# Chane Music & Cinema Offers a Sweet Deal on its New A5rx-c Speaker



## Todd Anderson

Two years ago, Home Theater Shack hosted a $1,000 Speaker Evaluation Event that squared-off eight different speaker models (costing $1,000/pair or less) in a home audition showdown. Among the entrants were the Magnepan MG12/QR, MartinLogan Motion 12, Vandersteen 2Ce, Tekton Model Lore, Klipsch RF-62 II, HTD Level THREE, Focal Chours 716V, and the Arx A5 (then sold under the name: The Audio Insider).
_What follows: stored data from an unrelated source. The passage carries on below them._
Lemma wrestricted_ht s x rho G :
  ~ dom I (rho x) -> qfree G -> wrestricted s x G ->
  ht_equiv I u rho G (if s then FTop else FBot).
Proof.
  intros Hx Hq W. rewrite <- W.
  apply ht_sym, ht_trans with (repl x G); [apply simp_ht | apply repl_ht; auto].
Qed.

Lemma wrestricted_oriented s x ra rb N :
  ~ dom I (rb x) -> qfree N -> wrestricted s x N ->
  oriented s (sat I u ra N) (sat I u rb N) /\
  oriented s (sat I u ra (star N)) (sat I u rb (star N)).
Proof.
  intros Hx Hq W. destruct (wrestricted_ht s x rb N Hx Hq W) as [E Es].
  destruct s; simpl in *; tauto.
Qed.

Lemma guarded_oriented x ra rb :
  agree_off x ra rb -> ~ dom I (rb x) ->
  forall N s, qfree N -> guarded s x N ->
  oriented s (sat I u ra N) (sat I u rb N) /\
  oriented s (sat I u ra (star N)) (sat I u rb (star N)).
Proof.
  intros Hag Hx N.
  induction N as [ | P ts | t1 t2 | N1 IHN1 N2 IHN2 | N1 IHN1 N2 IHN2 | N1 IHN1 N2 IHN2 | ];
    intros s Hq Hg;
    match goal with |- context [sat I u ra ?M] =>
      destruct (classic (wrestricted s x M)) as [W | W] end;
    try (apply (wrestricted_oriented s x); assumption).
  - split; apply oriented_iff; reflexivity.
  - assert (Hfv : forall y, In y (free_vars (FPred P ts)) -> ra y = rb y).
    { intros y Hy. apply Hag. intros ->. exact (guarded_atom W Hg eq_refl Hy). }
    split; apply oriented_iff, sat_ext; auto using fv_star.
  - assert (Hfv : forall y, In y (free_vars (FEq t1 t2)) -> ra y = rb y).
    { intros y Hy. apply Hag. intros ->. exact (guarded_atom W Hg eq_refl Hy). }
    split; apply oriented_iff, sat_ext; auto.
  - destruct Hq as [Hq1 Hq2], (guarded_and W Hg) as [Hg1 Hg2].
    destruct (IHN1 s Hq1 Hg1), (IHN2 s Hq2 Hg2). destruct s; simpl in *; tauto.
  - destruct Hq as [Hq1 Hq2], (guarded_or W Hg) as [Hg1 Hg2].
    destruct (IHN1 s Hq1 Hg1), (IHN2 s Hq2 Hg2). destruct s; simpl in *; tauto.
  - destruct Hq as [Hq1 Hq2], (guarded_imp W Hg) as [Hg1 Hg2].
    destruct (IHN1 _ Hq1 Hg1), (IHN2 s Hq2 Hg2). destruct s; simpl in *; tauto.
  - contradiction.
Qed.

End HereThere.

Section Extension.

Variables (U : Type) (I : interp U) (X : U -> Prop) (u : pconst -> list U -> Prop).
Hypothesis HX : forall d, dom I d -> X d.

Lemma sat_extension_qfree rho N :
  qfree N -> (sat (extension I X) u rho N <-> sat I u rho N).
Proof. induction N; simpl; tauto. Qed.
As the field was whittled down, the listening panel gravitated to the Motion 12s and A5s, eventually crowning the Arx A5 as the champion.










_Chane's new A5rx-c shares similar looks to the A5 (above), with quite a few internal improvements._​

Reviewers present at the event found the A5s to be forgiving in placement and sonically superior (if not just slightly better than the Motion 12s) to the rest of the group. A definitive theme amongst the review crew was the A5’s ability to seemingly disappear while being played. Other descriptors included “detailed,” “airy,” and “truly amazing.” Pairing their impressions with the A5’s modest price class speaks volumes about the speaker’s ability to deliver show stopping sound. Of course, this all goes without mentioning that the review team felt the A5s were every bit a winner in a follow-up Evaluation Event that featured speakers worth $2,500/pair.

The Audio Insider has since changed its name to Chane Music & Cinema and the A5 has recently undergone a revision. In its new iteration, the A5rx-c ushers the A5 model forward with quite a few changes while keeping the same outward looks and TMWWW array. Chane says the A5rx-c has improved thermal power handling in the treble, increased high-frequency extension, and enhanced acoustical matching throughout the design. The crossover has been redesigned to allow for tighter integration, improved mid-bass texture, and better overall slam. Internally, the cabinet has been tweaked to be “slightly quieter” with a few design alterations.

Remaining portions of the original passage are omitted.